A farewell speech or farewell address is a speech given by an individual leaving a position or place. They are often used by public figures such as politicians as a capstone to the preceding career, or as statements delivered by persons relating to reasons for their leaving. The term is often used as a euphemism for "retirement speech," though it is broader in that it may include geographical or even biological conclusion.

In the Classics, a term for a dignified and poetic farewell speech is apobaterion (ἀποβατήριον), standing opposed to the epibaterion, the corresponding speech made upon arrival.

U.S. presidential farewell addresses 
Many U.S. presidential speeches have been given the moniker "farewell address" since George Washington's address in 1796.  Some notable examples:

 George Washington – Washington's Farewell Address in which he warned of the dangers of political parties and foreign alliances.
Dwight D. Eisenhower – Eisenhower's farewell address in which he warned of the military–industrial complex.
Barack Obama – Obama's farewell address made from Chicago, breaking tradition of holding one in the White House.
Donald Trump – Trump's farewell address, delivered as a recorded, online video message from the White House.

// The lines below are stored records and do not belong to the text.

(* Let $n$ be a positive integer. (a) $\mu(n,2)=\lceil 2n/3\rceil$. (b) If $n\ge 2$, then $\mu^*(n,2)=2\lceil n/3\rceil$, and this is the least even integer not less than $\mu(n,2)$.
   Context: Let $\mathbb F_2=\{0,1\}$ be the field with two elements. For $u\in\mathbb F_2^n$, $|u|$ denotes the Hamming weight of $u$ (the number of entries equal to $1$). A wiring on $n$ vertices is a matrix $W=(w_{i,j})\in M(n,n;\mathbb F_2)$ with $w_{i,i}=1$ for all $i$ (pressing button $j$ toggles bulb $i$ iff $w_{i,j}=1$). The degree of vertex $j$ is the number of $1$s in the $j$th column of $W$, and $\deg(W)$ is the maximum degree over all vertices. For $c\in\mathbb F_2^n$ (initial configuration), $M(W,c)=\max\{|Wx+c| : x\in\mathbb F_2^n\}$. For $n,m\ge1$, $A(n,m)$ is the set of wirings on $n$ vertices with $\deg(W)\le m$; for $n\ge m$, $A^*(n,m)$ is the set of wirings on $n$ vertices in which every vertex has degree exactly $m$. Define $\mu(n,m)=\min\{M(W,0): W\in A(n,m)\}$ and, for $n\ge m$, $\mu^*(n,m)=\min\{M(W,0): W\in A^*(n,m)\}$. *)

From mathcomp Require Import all_boot all_order all_algebra.
Set Implicit Arguments. Unset Strict Implicit. Unset Printing Implicit Defensive.
Import GRing.Theory.
Local Open Scope ring_scope.

Definition hwt (n : nat) (u : 'cV['F_2]_n) : nat := #|[set i | u i 0 != 0]|.

Definition is_wiring (n : nat) (W : 'M['F_2]_n) : bool := [forall i, W i i == 1].

Definition vdeg (n : nat) (W : 'M['F_2]_n) (j : 'I_n) : nat := #|[set i | W i j != 0]|.

Definition wdeg (n : nat) (W : 'M['F_2]_n) : nat := (\max_(j : 'I_n) vdeg W j)%N.

Definition Mval (n : nat) (W : 'M['F_2]_n) (c : 'cV['F_2]_n) : nat :=
  (\max_(x : 'cV['F_2]_n) hwt (W *m x + c))%N.

Definition inA (n m : nat) (W : 'M['F_2]_n) : bool := is_wiring W && (wdeg W <= m)%N.
Definition inAstar (n m : nat) (W : 'M['F_2]_n) : bool :=
  is_wiring W && [forall j, vdeg W j == m].

(* minimum of M(W,0) over a set of wirings; the default value n is only used
   if the set is empty, which never happens in the theorem's range. *)
Definition minM (n : nat) (P : pred 'M['F_2]_n) : nat :=
  (\big[minn/n]_(W : 'M['F_2]_n | P W) Mval W 0)%N.

Definition mu (n m : nat) : nat := minM (@inA n m).
Definition mu_star (n m : nat) : nat := minM (@inAstar n m).

Definition ceil_div (a b : nat) : nat := ((a + b.-1) %/ b)%N.

From mathcomp Require Import all_boot all_order all_algebra zify.
Set Implicit Arguments. Unset Strict Implicit. Unset Printing Implicit Defensive.
Import GRing.Theory.
Local Open Scope ring_scope.

(* A wiring of degree at most 2 is the matrix of a map [h] on the vertices:
   column [j] has its 1s in rows [j] and [h j].  Take [x] maximizing the weight
   of [W x] and let [O] be the set of zeros of [W x].  No vector flipping one
   or two positions of [O] lies in the range of [W], while [e_y + e_z] does
   whenever [y] and [z] are in the same component of the functional graph of
   [h].  So every component contains at most one zero [b], and it also
   contains [h b] and a third vertex, whence [3 |O| <= n].  When all degrees
   equal 2 every column of [W] sums to 0, so [|W x|] is even.  Conversely, if
   [h] rotates [t] disjoint triangles then each triangle carries a zero of
   [W x], its entries summing to 0; the remaining vertices are fixed points
   for [mu], or are paired by transpositions for [mu_star]. *)

Lemma F2_eq1 (x : 'F_2) : x != 0 -> x = 1.
Proof. by case: x => [[|[|k]] hk] //= _; apply/eqP. Qed.

Lemma F2_addxx (x : 'F_2) : x + x = 0.
Proof. by case: x => [[|[|k]] hk] //=; apply/eqP. Qed.

Lemma F2_natr_odd k : k%:R = (odd k)%:R :> 'F_2.
Proof. by elim: k => // k IH; rewrite mulrS IH /=; case: (odd k); apply/eqP. Qed.

Lemma F2_cV_addxx n (u : 'cV['F_2]_n) : u + u = 0.
Proof. by apply/matrixP => i j; rewrite !mxE F2_addxx. Qed.

Lemma hwtD_delta n (v : 'cV['F_2]_n) b :
  v b 0 = 0 -> hwt (v + delta_mx b 0) = (hwt v).+1.
Proof.
move=> vb0; rewrite /hwt.
have -> : [set i | (v + delta_mx b 0) i 0 != 0] = b |: [set i | v i 0 != 0].
  apply/setP => i; rewrite !inE !mxE eqxx andbT.
  by case: (eqVneq i b) => [->|_]; rewrite ?vb0 ?add0r ?addr0.
by rewrite cardsU1 inE vb0 eqxx.
Qed.

Lemma sum_hwt n (v : 'cV['F_2]_n) : \sum_i v i 0 = (hwt v)%:R.
Proof.
rewrite (bigID (fun i => v i 0 != 0)) /= [X in _ + X]big1 => [|i /negbNE/eqP //].
rewrite addr0 /hwt -sumr_const; apply: eq_big => [i|i /F2_eq1 //].
by rewrite inE.
Qed.

Lemma card_zeros n (v : 'cV['F_2]_n) : #|[set i | v i 0 == 0]| = (n - hwt v)%N.
Proof.
rewrite [hwt v]cardsCs card_ord subKn; last by rewrite -[X in (_ <= X)%N]card_ord max_card.
by apply: eq_card => i; rewrite !inE negbK.
Qed.

Lemma Mval_maximizer n (W : 'M['F_2]_n) (c : 'cV['F_2]_n) :
  exists x0, Mval W c = hwt (W *m x0 + c) /\
             forall y, (hwt (W *m y + c) <= hwt (W *m x0 + c))%N.
Proof.
have [x0 _ x0_max] := @arg_maxnP _ 0 xpredT (fun x => hwt (W *m x + c)) isT.
exists x0; split=> [|y]; last exact: x0_max.
apply/anti_leq/andP; split; last exact: (@leq_bigmax _ (fun x => hwt (W *m x + c))).
by apply/bigmax_leqP => y _; apply: x0_max.
Qed.

Definition in_range n (W : 'M['F_2]_n) (u : 'cV['F_2]_n) := exists y, W *m y = u.

Lemma in_range0 n (W : 'M['F_2]_n) : in_range W 0.
Proof. by exists 0; rewrite mulmx0. Qed.

Lemma in_rangeD n (W : 'M['F_2]_n) u v :
  in_range W u -> in_range W v -> in_range W (u + v).
Proof. by move=> [y <-] [z <-]; exists (y + z); rewrite mulmxDr. Qed.

Section Maximizer.

Variables (n : nat) (W : 'M['F_2]_n) (x0 : 'cV['F_2]_n).
Hypothesis x0_max : forall y, (hwt (W *m y) <= hwt (W *m x0))%N.
Let v := W *m x0.

(* Adding an element of the range that only flips zeros of [v] would beat [x0]. *)
Lemma maximizer_delta_notin_range b : v b 0 = 0 -> ~ in_range W (delta_mx b 0).
Proof.
move=> vb0 [y Wy]; have := x0_max (x0 + y).
by rewrite mulmxDr Wy -/v hwtD_delta // ltnn.
Qed.

Lemma maximizer_delta2_notin_range b b' : v b 0 = 0 -> v b' 0 = 0 -> b != b' ->
  ~ in_range W (delta_mx b 0 + delta_mx b' 0).
Proof.
move=> vb0 vb'0 bb' [y Wy]; have := x0_max (x0 + y).
have vbb' : (v + delta_mx b 0) b' 0 = 0.
  by rewrite mxE vb'0 mxE eq_sym (negbTE bb') add0r.
by rewrite mulmxDr Wy -/v addrA !hwtD_delta // ltnNge leqnSn.
Qed.

End Maximizer.

(* Every wiring of degree at most 2 has this form: column [j] carries its
   diagonal 1 and possibly one more 1 in row [h j]; [h j = j] means degree 1. *)
Definition wiring_of n (h : 'I_n -> 'I_n) : 'M['F_2]_n :=
  \matrix_(i, j) ((i == j) || (i == h j))%:R.

Definition linked T (h : T -> T) (x y : T) := exists s t, iter s h x = iter t h y.

Lemma linked_trans T (h : T -> T) y x z : linked h x y -> linked h y z -> linked h x z.
Proof.
move=> [s [t Exy]] [s' [t' Eyz]]; exists (s + s')%N, (t + t')%N.
by rewrite addnC iterD Exy -iterD addnC iterD Eyz -iterD.
Qed.

Lemma linked_sym T (h : T -> T) x y : linked h x y -> linked h y x.
Proof. by move=> [s [t E]]; exists t, s. Qed.

Section WiringOfMap.

Variables (n : nat) (h : 'I_n -> 'I_n).
Local Notation W := (wiring_of h).

Lemma vdeg_wiring_of j : vdeg W j = #|[set j; h j]|.
Proof. by apply: eq_card => i; rewrite !inE mxE; case: (_ || _). Qed.

Lemma wiring_of_inA : inA 2 W.
Proof.
apply/andP; split; first by apply/forallP => i; rewrite mxE eqxx.
by apply/bigmax_leqP => j _; rewrite vdeg_wiring_of cards2; case: (_ != _).
Qed.

Lemma wiring_of_inAstar : (forall j, h j != j) -> inAstar 2 W.
Proof.
move=> hP; apply/andP; split; first by apply/forallP => i; rewrite mxE eqxx.
by apply/forallP => j; rewrite vdeg_wiring_of cards2 (eq_sym j) hP.
Qed.

Lemma wiring_of_delta j :
  W *m delta_mx j 0 = \col_i ((i == j) || (i == h j))%:R.
Proof. by rewrite -colE; apply/matrixP => i k; rewrite !mxE. Qed.

Lemma in_range_fixed j : h j = j -> in_range W (delta_mx j 0).
Proof.
move=> hj; exists (delta_mx j 0); rewrite wiring_of_delta hj.
by apply/matrixP => i k; rewrite (ord1 k) !mxE orbb andbT.
Qed.

Lemma in_range_edge j : in_range W (delta_mx j 0 + delta_mx (h j) 0).
Proof.
case: (eqVneq (h j) j) => [->|hj]; first by rewrite F2_cV_addxx; apply: in_range0.
exists (delta_mx j 0); rewrite wiring_of_delta.
apply/matrixP => i k; rewrite (ord1 k) !mxE !andbT.
case: (eqVneq i j) => [->|_] /=; last by rewrite add0r.
by rewrite eq_sym (negbTE hj) addr0.
Qed.

Lemma in_range_iter p m : in_range W (delta_mx p 0 + delta_mx (iter m h p) 0).
Proof.
elim: m => [|m IH] /=; first by rewrite F2_cV_addxx; apply: in_range0.
set q := iter m h p.
have -> : delta_mx p 0 + delta_mx (h q) 0 =
          (delta_mx p 0 + delta_mx q 0) + (delta_mx q 0 + delta_mx (h q) 0) :> 'cV['F_2]_n.
  by rewrite addrA -(addrA (delta_mx p 0)) F2_cV_addxx addr0.
by apply: in_rangeD => //; apply: in_range_edge.
Qed.

Lemma in_range_linked x y : linked h x y -> in_range W (delta_mx x 0 + delta_mx y 0).
Proof.
move=> [s [t E]]; have := in_rangeD (in_range_iter x s) (in_range_iter y t).
by rewrite E addrACA F2_cV_addxx addr0.
Qed.

(* Each column of [W] restricted to an [h]-closed fixpoint-free block has two 1s. *)
Lemma block_sum_wiring_of (B : {set 'I_n}) (x : 'cV['F_2]_n) :
  (forall j, (h j \in B) = (j \in B)) -> (forall j, j \in B -> h j != j) ->
  \sum_(i in B) (W *m x) i 0 = 0.
Proof.
move=> hB hP; under eq_bigr do rewrite mxE.
rewrite exchange_big /=; apply: big1 => k _; rewrite -mulr_suml.
suff -> : \sum_(i in B) W i k = 0 by rewrite mul0r.
have [kB|kB] := boolP (k \in B).
  rewrite (bigD1 k) //= (bigD1 (h k)) /=; last by rewrite hB kB hP.
  rewrite big1 => [|i /andP[/andP[_ ik] ihk]]; last by rewrite mxE (negbTE ik) (negbTE ihk).
  by rewrite !mxE !eqxx orbT addr0 F2_addxx.
apply: big1 => i iB; rewrite mxE.
by case: (eqVneq i k) => [ik|_]; case: (eqVneq i (h k)) => [ihk|_] //;
  move: iB; rewrite ?ik ?ihk ?hB (negbTE kB).
Qed.

Lemma hwt_wiring_of_even x : (forall j, h j != j) -> ~~ odd (hwt (W *m x)).
Proof.
move=> hP; have hT j : (h j \in [set: 'I_n]) = (j \in [set: 'I_n]) by rewrite !inE.
have := block_sum_wiring_of x hT (fun j _ => hP j); under eq_bigl do rewrite inE.
by rewrite sum_hwt F2_natr_odd; case: (odd _).
Qed.

Lemma odd_block_zero (B : {set 'I_n}) (x : 'cV['F_2]_n) :
  (forall j, (h j \in B) = (j \in B)) -> (forall j, j \in B -> h j != j) ->
  odd #|B| -> exists2 i, i \in B & (W *m x) i 0 = 0.
Proof.
move=> hB hP oddB.
have [/exists_inP [i iB /eqP]|/exists_inPn nz] := boolP [exists i in B, (W *m x) i 0 == 0].
  by exists i.
have := block_sum_wiring_of x hB hP.
rewrite (eq_bigr (fun _ => 1)) => [|i iB]; last by apply: F2_eq1; exact: nz.
by rewrite sumr_const F2_natr_odd oddB => /eqP.
Qed.

Lemma wiring_of_swapped_rows b (x : 'cV['F_2]_n) : h (h b) = b ->
  (forall k, h k \in [set b; h b] -> k \in [set b; h b]) ->
  (W *m x) (h b) 0 = (W *m x) b 0.
Proof.
move=> hhb closed; rewrite !mxE; apply: eq_bigr => k _; rewrite !mxE.
suff -> : (h b == k) || (h b == h k) = (b == k) || (b == h k) by [].
have [kb|kb] := boolP (k \in [set b; h b]).
  by case/set2P: kb => ->; rewrite ?hhb !eqxx !orbT.
have hk : h k \notin [set b; h b] by apply: contra kb; apply: closed.
move: kb hk; rewrite !inE !negb_or => /andP[kb khb] /andP[hkb hkhb].
rewrite ![b == _]eq_sym ![h b == _]eq_sym.
by rewrite (negbTE kb) (negbTE khb) (negbTE hkb) (negbTE hkhb).
Qed.

End WiringOfMap.

Section ZerosOfMaximizer.

Variables (n : nat) (h : 'I_n -> 'I_n) (x0 : 'cV['F_2]_n).
Hypothesis x0_max : forall y, (hwt (wiring_of h *m y) <= hwt (wiring_of h *m x0))%N.
Let v := wiring_of h *m x0.
Let O := [set i | v i 0 == 0].

Lemma zeros_linked_eq b b' : b \in O -> b' \in O -> linked h b b' -> b = b'.
Proof.
rewrite !inE => /eqP vb /eqP vb' bb'; case: (eqVneq b b') => // nbb'.
by case: (maximizer_delta2_notin_range x0_max vb vb' nbb' (in_range_linked bb')).
Qed.

Lemma zero_succ_neq b : b \in O -> h b != b.
Proof.
rewrite inE => /eqP vb; apply/eqP => hb.
exact: (maximizer_delta_notin_range x0_max vb (in_range_fixed hb)).
Qed.

Lemma zero_succ_notin b : b \in O -> h b \notin O.
Proof.
move=> bO; apply/negP => hbO; have := zero_succ_neq bO.
by rewrite (zeros_linked_eq hbO bO) ?eqxx //; exists 0%N, 1%N.
Qed.

Lemma zero_succ2_neq b : b \in O -> h (h b) != h b.
Proof.
move=> bO; move: (bO); rewrite inE => /eqP vb; apply/eqP => hhb.
apply: (maximizer_delta_notin_range x0_max vb).
have := in_rangeD (in_range_edge h b) (in_range_fixed hhb).
by rewrite -addrA F2_cV_addxx addr0.
Qed.

(* Besides [b] and [h b], the component of a zero [b] contains a third vertex:
   either [h (h b)], or, when [b] and [h b] form a 2-cycle, another preimage;
   otherwise rows [b] and [h b] of the wiring coincide, so [h b] is a zero too. *)
Lemma zero_third_vertex b : b \in O -> exists c, [/\ c != b, c != h b & linked h c b].
Proof.
move=> bO; have [hhb|hhb] := eqVneq (h (h b)) b; last first.
  by exists (h (h b)); split; [|exact: zero_succ2_neq|exists 0%N, 2%N].
have [/existsP [c /andP[cnot hc]]|/existsPn closed] :=
  boolP [exists c, (c \notin [set b; h b]) && (h c \in [set b; h b])].
  move: cnot; rewrite !inE negb_or => /andP[cb chb]; exists c; split => //.
  by case/set2P: hc => hc; [exists 1%N, 0%N | exists 1%N, 1%N].
case/negP: (zero_succ_notin bO); rewrite inE -/v wiring_of_swapped_rows //.
- by move: bO; rewrite inE.
- by move=> k hk; move: (closed k); rewrite hk andbT negbK.
Qed.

Other notable farewell speeches

Muhammad – Farewell Sermon, 6 March 632. 
The speech of Aeneas to Helenus and Andromache, Aeneid, Book III.
Napoleon Bonaparte – First abdication, April 6, 1814 (see Treaty of Fontainebleau (1814)).
Napoleon Bonaparte  – Farewell to the Old Guard, April 20, 1814.
Napoleon Bonaparte – Second abdication, June 22, 1815 (see Abdication of Napoleon, 1815).
Abraham Lincoln – Farewell address to the people of Springfield, Illinois before departing to be inaugurated as President of the United States.
Robert E. Lee – Farewell address to the Army of Northern Virginia, the day after the end of the American Civil War.
Douglas MacArthur – farewell speeches before Congress and U.S. Military Academy; "old soldiers never die, they only fade away" and "duty, honor, country".